Visited St John just over a week ago for the first time since the Xmas event, we have been putting it off due to the less than enthusiastic reviews of respected board members and to be fair menus that have been quite static and less interesting than sometimes (not surprising during January/February I guess). That being said we have had a large number of very good meals at St John and there are times when sitting there is very relaxing, not having lots of formality etc.

As a prelude to a trip to Paris it seemed a good time to go as it would be totally different from anything we were going to eat during the next couple of days. We started with a couple of glasses of champagne, not a very St John thing, but that was the reason for doing it plus they were reasonably priced (unlike Paris) and not at all bad.

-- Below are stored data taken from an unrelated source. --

Theorem mainTheorem8 (R : rcfType) (t : R) (ht : 0 < t) (i : 'cV[R]_7)
  (hi : idot i i = 1)
  (X Y Xk Xp Yk Yp : 'M[R]_7)
  (hX : in_g2 X) (hY : in_g2 Y)
  (hXd : kp_decomp i X Xk Xp) (hYd : kp_decomp i Y Yk Yp) :
  (lie (phi t Xk Xp) (phi t Yk Yp) = 0 /\ lie Xk Yk = 0) <->
  (lie X Y = 0 /\ lie Xp Yp = 0).
Proof.
case: hXd => -> [kXk pXp]; case: hYd => -> [kYk pYp].
set s := t / (t + 1).
have s_neq0 : s != 0 by apply: lt0r_neq0; rewrite divr_gt0 //; lra.
set M := lie Xk Yp + lie Xp Yk.
have pM : in_p i M.
  by rewrite /M (lieC Xp); apply: in_pD (in_p_lie kXk pYp) (in_pN (in_p_lie kYk pXp)).
have -> : lie (Xk + Xp) (Yk + Yp) = lie Xk Yk + M + lie Xp Yp.
  by have := lie_lin_comb 1 Xk Xp Yk Yp; rewrite mulr1 !scale1r.
rewrite /phi -/s lie_lin_comb -/M.
split=> [[sum0 kk0] | [sum0 pp0]].
- rewrite kk0 scaler0 add0r in sum0.
  have pp0 : lie Xp Yp = 0.
    apply: lie_in_p_eq0 hi pXp pYp _.
    by rewrite -[lie Xp Yp](addKr (s *: M)) sum0 addr0; apply/in_pN/in_pZ.
  have M0 : M = 0.
    by move: sum0; rewrite pp0 addr0 => /eqP; rewrite scaler_eq0 (negbTE s_neq0) => /eqP.
  by rewrite kk0 M0 pp0 !addr0.
- rewrite pp0 addr0 in sum0.
  have kk0 : lie Xk Yk = 0.
    apply: (@in_k_in_p_eq0 _ i); first exact: in_k_lie.
    by rewrite -[lie Xk Yk](addrK M) sum0 sub0r; apply: in_pN.
  by rewrite kk0 add0r in sum0; rewrite kk0 sum0 pp0 !scaler0 !addr0.
Qed.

To start we had Crispy Pig Skin with Dandelion Salad and Smoked Sprats with Horseradish, the Pig Skin, several large chunks of pork crackling (cold) served with dandelion leaves in a very mustardy/oily dressing, the pig and salad were good, the leaves providing a nice bitter contrast to the rich pig, similarly the mustard in the dressing, however there was far too much oil which was not needed particularly with the richness of the pig skin. Smoked sprats were well done, although they are quite bony beasts, which does to my mind not make them ideal for this sort of treatment.

Mains were Smoked Eel, Bacon and Mash and Poached Chicken, Leeks and Aioli with side orders of Cabbage and Welsh Rarebit, the Eel was very enjoyable but not all that special, three squares of eel on top of two rashers of bacon on top of a small mound of (warm) mash, I had wanted to try this, the eel was very good, the potato was good but clearly sitting around to long, the flavours worked well together, a nice dish, but execution and value not great. The chicken was very good, deeply flavoured, far too many leeks. Cabbage was good err Cabbage, Welsh rarebit was very good but is often exceptional, it seemed a little less generous topping wise than previously.

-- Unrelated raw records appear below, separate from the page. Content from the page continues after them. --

(* Suppose that $\mathrm{rot}(\mathcal G)$ is finite and $\mathcal R\subset\mathcal G$ has Property 2. Then $\ker(\|\cdot\|_{\mathcal R})=U_{\mathrm{iso},0,0}$. Moreover, with $d_3=d-d_{\mathrm{aff}}$ and $d_4=d_{\mathrm{aff}}-d_2$, the map \[\mathbb R^d\times\mathbb R^{d_3\times d_4}\times\mathrm{Skew}(d_4)\to\ker(\|\cdot\|_{\mathcal R}),\quad(a,A_1,A_2)\mapsto\Big(g\mapsto\mathrm{rot}(g)^T\Big(a+\Big(\begin{pmatrix}0&A_1\\-A_1^T&A_2\end{pmatrix}\oplus0_{d_2\times d_2}\Big)(g\cdot x_0-x_0)\Big)\Big)\] is a linear isomorphism; in particular $\dim\ker(\|\cdot\|_{\mathcal R})=d+d_4(d_3+d_1-1)/2$.
   Context: Euclidean group: $\mathrm E(n)$ consists of pairs $(A|b)$, $A\in\mathrm O(n)$, $b\in\mathbb R^n$, acting by $(A|b)\cdot x=Ax+b$, product $(A_1|b_1)(A_2|b_2)=(A_1A_2|b_1+A_1b_2)$; $\mathrm{rot}(A|b)=A$. Standing setting: $d=d_1+d_2$; $\mathcal S<\mathrm E(d_2)$ is a space group with translation subgroup $\mathcal T_{\mathcal S}$; $A\oplus(B|b)=(\mathrm{diag}(A,B)|(0,b))$; $\mathcal G$ is a discrete subgroup of $\mathrm E(d)$ contained in $\{A\oplus s:A\in\mathrm O(d_1),s\in\mathcal S\}$ projecting onto $\mathcal S$; $\mathcal T\subset\mathcal G$ maps bijectively onto $\mathcal T_{\mathcal S}$. There is $m_0\in\mathbb N$ such that $\mathcal T^N=\{t^N:t\in\mathcal T\}$ is a normal subgroup iff $N\in\mathcal M=m_0\mathbb N$, then isomorphic to $\mathbb Z^{d_2}$ of finite index; $\mathcal C_N$ is a fixed set of representatives of $\mathcal G/\mathcal T^N$. $U_{\mathrm{per}}$: maps $u:\mathcal G\to\mathbb R^d$ that are $\mathcal T^N$-periodic ($u(gt)=u(g)$ for $t\in\mathcal T^N$) for some $N\in\mathcal M$. $x_0\in\mathbb R^d$ with $g\mapsto g\cdot x_0$ injective; $d_{\mathrm{aff}}=\dim\mathrm{aff}(\mathcal G\cdot x_0)$; assumed $\mathcal G\cdot x_0\subset\{0_{d-d_{\mathrm{aff}}}\}\times\mathbb R^{d_{\mathrm{aff}}}$ and $\mathcal G$ acts trivially on $\mathbb R^{d-d_{\mathrm{aff}}}\times\{0\}$. For $\mathcal R\subset\mathcal G$, $U_{\mathrm{iso}}(\mathcal R)$: maps $v:\mathcal R\to\mathbb R^d$ with $a\in\mathbb R^d$, $S\in\mathrm{Skew}(d)$ such that $\mathrm{rot}(g)v(g)=a+S(g\cdot x_0-x_0)$ on $\mathcal R$. For finite $\mathcal R$ and $\mathcal T^N$-periodic $u$: $\|u\|_{\mathcal R}=\big(\frac1{|\mathcal C_N|}\sum_{g\in\mathcal C_N}\mathrm{dist}(u(g\,\cdot)|_{\mathcal R},U_{\mathrm{iso}}(\mathcal R))^2\big)^{1/2}$. $U_{\mathrm{iso},0,0}$: maps $u:\mathcal G\to\mathbb R^d$ with $a\in\mathbb R^d$, $S\in\mathrm{Skew}(d_1)$ such that $\mathrm{rot}(g)u(g)=a+(S\oplus0_{d_2\times d_2})(g\cdot x_0-x_0)$ for all $g\in\mathcal G$. Property 1: $\mathcal R$ finite, $\mathrm{id}\in\mathcal R$, $\mathrm{aff}(\mathcal R\cdot x_0)=\mathrm{aff}(\mathcal G\cdot x_0)$. Property 2: $\mathcal R$ finite, and there are $\mathcal R',\mathcal R''$ with $\mathrm{id}\in\mathcal R'$, $\mathcal R'$ generating $\mathcal G$, $\mathcal R''$ with Property 1, and $\{gh:g\in\mathcal R',h\in\mathcal R''\}\subset\mathcal R$. *)

From HB Require Import structures.
From mathcomp Require Import all_boot all_order all_algebra.
From mathcomp Require Import boolp classical_sets cardinality reals.
Set Implicit Arguments.
Unset Strict Implicit.
Unset Printing Implicit Defensive.
Import Order.TTheory GRing.Theory Num.Theory.
Local Open Scope ring_scope.
Local Open Scope classical_set_scope.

Dessert was a shared Lemon Pie, this was a slice of lemon tart which had a spongey topping, good though.

Service was haphazard, friendly but not always around when you wanted it, I went to the bar for extra drinks at one point.

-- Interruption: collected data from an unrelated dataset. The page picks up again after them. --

(* Let $\mathcal{C}$ be a covering of a finite set $E$. If $XH$ induced by $\mathcal{C}$ is the closure operator of a matroid on $E$, then $VH$ induced by $\mathcal{C}$ is also the closure operator of a matroid on $E$; moreover $\mathcal{I}_{XH}(\mathcal{C})=\mathcal{I}_{VH}(\mathcal{C})$ and $\mathcal{L}_{XH}(M(\mathcal{C}))=\mathcal{L}_{VH}(M(\mathcal{C}))$.
   Context: A covering of $E$ is a family of nonempty subsets of $E$ with union $E$. $N(x)=\bigcap\{K\in\mathcal{C}:x\in K\}$; $XH(X)=\{x:N(x)\cap X\neq\emptyset\}$; $VH(X)=\bigcup\{N(x):N(x)\cap X\neq\emptyset\}$. When $H\in\{XH,VH\}$ is the closure operator of a matroid (closure $cl(X)=\{a:r(X\cup\{a\})=r(X)\}$), $\mathcal{I}_H(\mathcal{C})=\{I\subseteq E:x\notin H(I-\{x\})\ \forall x\in I\}$ is its family of independent sets and $\mathcal{L}_H(M(\mathcal{C}))=\{X:H(X)=X\}$ its set of closed sets. *)

From mathcomp Require Import all_boot.
Set Implicit Arguments. Unset Strict Implicit. Unset Printing Implicit Defensive.

(* The finite ground set E is the whole finite type T. *)
Section Covering.
Variable T : finType.

Definition is_covering (C : {set {set T}}) : Prop :=
  set0 \notin C /\ \bigcup_(K in C) K = [set: T].

Definition Nbd (C : {set {set T}}) (x : T) : {set T} :=
  \bigcap_(K in C | x \in K) K.

Definition XH (C : {set {set T}}) (X : {set T}) : {set T} :=
  [set x | Nbd C x :&: X != set0].

Definition VH (C : {set {set T}}) (X : {set T}) : {set T} :=
  \bigcup_(x | Nbd C x :&: X != set0) Nbd C x.

Definition is_matroid (I : {set {set T}}) : Prop :=
  [/\ set0 \in I,
      (forall A B : {set T}, B \in I -> A \subset B -> A \in I) &
      (forall A B : {set T}, A \in I -> B \in I -> #|A| < #|B| ->
         exists2 x, x \in B :\: A & x |: A \in I)].

Definition mrank (I : {set {set T}}) (X : {set T}) : nat :=
  \max_(A in I | A \subset X) #|A|.

Definition mclosure (I : {set {set T}}) (X : {set T}) : {set T} :=
  [set a | mrank I (a |: X) == mrank I X].

Definition is_matroid_closure (H : {set T} -> {set T}) : Prop :=
  exists I, is_matroid I /\ forall X, H X = mclosure I X.

Definition indep_of (H : {set T} -> {set T}) : {set {set T}} :=
  [set I : {set T} | [forall x in I, x \notin H (I :\ x)]].

Definition closed_of (H : {set T} -> {set T}) : {set {set T}} :=
  [set X : {set T} | H X == X].

End Covering.

From mathcomp Require Import all_boot.

(* If XH is a matroid closure, it has no loops (XH of the empty set is empty),
   so comparing ranks of singletons and pairs makes the relation
   y \in N(x) symmetric. Since N is also transitive (y \in N(x) implies
   N(y) \subset N(x)), every N(x) meeting X is contained in XH(X), i.e.
   VH = XH; the independent and closed sets then agree trivially. *)

Section MatroidRank.
Variables (T : finType) (I : {set {set T}}).
Implicit Types (A B : {set T}) (x y : T).

Lemma mrankS A B : A \subset B -> mrank I A <= mrank I B.
Proof.
move=> AB; apply/bigmax_leqP => D /andP[DI DA].
by apply: (@leq_bigmax_cond _ _ _ D); rewrite DI (subset_trans DA AB).
Qed.

Lemma mrank_le_card A : mrank I A <= #|A|.
Proof. by apply/bigmax_leqP => D /andP[_ DA]; apply: subset_leq_card. Qed.

Lemma mrank0 : mrank I set0 = 0.
Proof. by apply/eqP; rewrite -leqn0 -(cards0 T) mrank_le_card. Qed.

Lemma mclosure1_sym x y : x \notin mclosure I set0 ->
  x \in mclosure I [set y] -> y \in mclosure I [set x].
Proof.
rewrite !inE setU0 mrank0 -lt0n => rkx /eqP rkxy.
have rky : mrank I [set y] <= 1 by rewrite -(cards1 y) mrank_le_card.
rewrite setUC rkxy; apply/eqP/anti_leq.
by rewrite (leq_trans rky rkx) -rkxy mrankS ?subsetUl.
Qed.

End MatroidRank.

Section Neighbourhoods.
Variables (T : finType) (C : {set {set T}}).
Implicit Types (X : {set T}) (x y : T).

Lemma Nbd_refl x : x \in Nbd C x.
Proof. by apply/bigcapP => K /andP[]. Qed.

Lemma Nbd_trans x y : y \in Nbd C x -> Nbd C y \subset Nbd C x.
Proof.
move=> /bigcapP yNx; apply/subsetP => z /bigcapP zNy.
by apply/bigcapP => K /andP[KC xK]; apply: zNy; rewrite KC yNx ?KC.
Qed.

Lemma XH0 : XH C set0 = set0.
Proof. by apply/setP => x; rewrite !inE setI0 eqxx. Qed.

Lemma XH1 x y : (x \in XH C [set y]) = (y \in Nbd C x).
Proof.
rewrite inE; apply/set0Pn/idP => [[z]|yNx]; last by exists y; rewrite !inE yNx /=.
by rewrite !inE => /andP[zNx /eqP <-].
Qed.

Lemma Nbd_sym_of_matroid_closure x y : is_matroid_closure (XH C) ->
  y \in Nbd C x -> x \in Nbd C y.
Proof.
case=> I [_ clI]; rewrite -!XH1 !clI; apply: mclosure1_sym.
by rewrite -clI XH0 inE.
Qed.

Lemma VH_eq_XH : (forall x y, y \in Nbd C x -> x \in Nbd C y) ->
  forall X, VH C X = XH C X.
Proof.
move=> Nsym X; apply/setP => y; apply/bigcupP/idP => [[x xX yNx]|yX].
  case/set0Pn: xX => z /setIP[zNx zX]; rewrite inE; apply/set0Pn; exists z.
  by rewrite inE zX (subsetP (Nbd_trans y x (Nsym x y yNx))).
by exists y; [rewrite inE in yX | apply: Nbd_refl].
Qed.

End Neighbourhoods.

Theorem proposition28 (T : finType) (C : {set {set T}}) :
  is_covering C ->
  is_matroid_closure (XH C) ->
  [/\ is_matroid_closure (VH C),
      indep_of (XH C) = indep_of (VH C) &
      closed_of (XH C) = closed_of (VH C)].
Proof.
move=> _ XHmat.
have VHE := @VH_eq_XH T C (fun x y => @Nbd_sym_of_matroid_closure T C x y XHmat).
split.
- by case: XHmat => I [Imat clI]; exists I; split=> // X; rewrite VHE.
- by apply/setP => A; rewrite !inE; apply/eq_forallb => x; rewrite VHE.
- by apply/setP => A; rewrite !inE VHE.
Qed.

Overall this was a pleasant and largely enjoyable meal with a couple of weaknesses. The kitchen seems to be going through a difficult patch, with standards not as high as previously, service has definitely declined. I suspect and hope that this is the sort of place that can come through this. We will go back again, but whereas we might try and go several times a year, we will probably visit again in the summer to see where they are then.